→ **Exercise prompt**
Exact copies of all the entries below are expected in the answer.

Start of Data provided

Lemma codom_relabel (f : labelling) j l Q b : perm_eq (codom f) (l :: Q) -> f j = l ->
  perm_eq (codom (relabel f j b)) (b :: Q).
Proof.
move=> fP fj; have enum_j := perm_to_rem (mem_enum 'I_n j).
have relabel_rem : [seq relabel f j b i | i <- rem j (enum 'I_n)] =
                   [seq f i | i <- rem j (enum 'I_n)].
  apply/eq_in_map => i; rewrite mem_rem_uniq ?enum_uniq // inE => /andP[/negbTE ij _].
  by rewrite ffunE ij.
rewrite codomE (permPl (perm_map _ enum_j)) /= ffunE eqxx perm_cons relabel_rem.
by rewrite -(perm_cons l) -(permPr fP) -fj perm_sym codomE (perm_map f enum_j).
Qed.

Definition marked (P : seq triple) (l : triple) : seq (labelling * 'I_n) :=
  [seq (f, j) | f : labelling <- labellings P, j <- [seq j <- enum 'I_n | f j == l]].

Lemma mem_marked P l (f : labelling) j :
  ((f, j) \in marked P l) = perm_eq (codom f) P && (f j == l).
Proof.
apply/allpairsPdep/andP => [[f' [j' [+ + [-> ->]]]]|[fP fj]].
  by rewrite mem_labellings mem_filter => -> /andP[-> _].
by exists f, j; rewrite mem_labellings mem_filter fj mem_enum.
Qed.

Lemma uniq_marked P l : uniq (marked P l).
Proof.
apply: allpairs_uniq_dep => [||[f1 j1] [f2 j2] _ _ /= [-> ->] //].
  exact: uniq_labellings.
by move=> f _; rewrite filter_uniq ?enum_uniq.
Qed.

Lemma sum_marked (V : nmodType) P l (G : labelling -> 'I_n -> V) :
  \sum_(f <- labellings P) \sum_(j | f j == l) G f j = \sum_(p <- marked P l) G p.1 p.2.
Proof.
by rewrite big_allpairs_dep; apply: eq_bigr => f _; rewrite big_filter big_enum_cond.
Qed.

End of Data provided

→ **Worked solution**
Lemma codom_relabel (f : labelling) j l Q b : perm_eq (codom f) (l :: Q) -> f j = l ->
  perm_eq (codom (relabel f j b)) (b :: Q).
Proof.
move=> fP fj; have enum_j := perm_to_rem (mem_enum 'I_n j).
have relabel_rem : [seq relabel f j b i | i <- rem j (enum 'I_n)] =
                   [seq f i | i <- rem j (enum 'I_n)].
  apply/eq_in_map => i; rewrite mem_rem_uniq ?enum_uniq // inE => /andP[/negbTE ij _].
  by rewrite ffunE ij.
rewrite codomE (permPl (perm_map _ enum_j)) /= ffunE eqxx perm_cons relabel_rem.
by rewrite -(perm_cons l) -(permPr fP) -fj perm_sym codomE (perm_map f enum_j).
Qed.

Definition marked (P : seq triple) (l : triple) : seq (labelling * 'I_n) :=
  [seq (f, j) | f : labelling <- labellings P, j <- [seq j <- enum 'I_n | f j == l]].

Lemma mem_marked P l (f : labelling) j :
  ((f, j) \in marked P l) = perm_eq (codom f) P && (f j == l).
Proof.
apply/allpairsPdep/andP => [[f' [j' [+ + [-> ->]]]]|[fP fj]].
  by rewrite mem_labellings mem_filter => -> /andP[-> _].
by exists f, j; rewrite mem_labellings mem_filter fj mem_enum.
Qed.

Lemma uniq_marked P l : uniq (marked P l).
Proof.
apply: allpairs_uniq_dep => [||[f1 j1] [f2 j2] _ _ /= [-> ->] //].
  exact: uniq_labellings.
by move=> f _; rewrite filter_uniq ?enum_uniq.
Qed.

Lemma sum_marked (V : nmodType) P l (G : labelling -> 'I_n -> V) :
  \sum_(f <- labellings P) \sum_(j | f j == l) G f j = \sum_(p <- marked P l) G p.1 p.2.
Proof.
by rewrite big_allpairs_dep; apply: eq_bigr => f _; rewrite big_filter big_enum_cond.
Qed.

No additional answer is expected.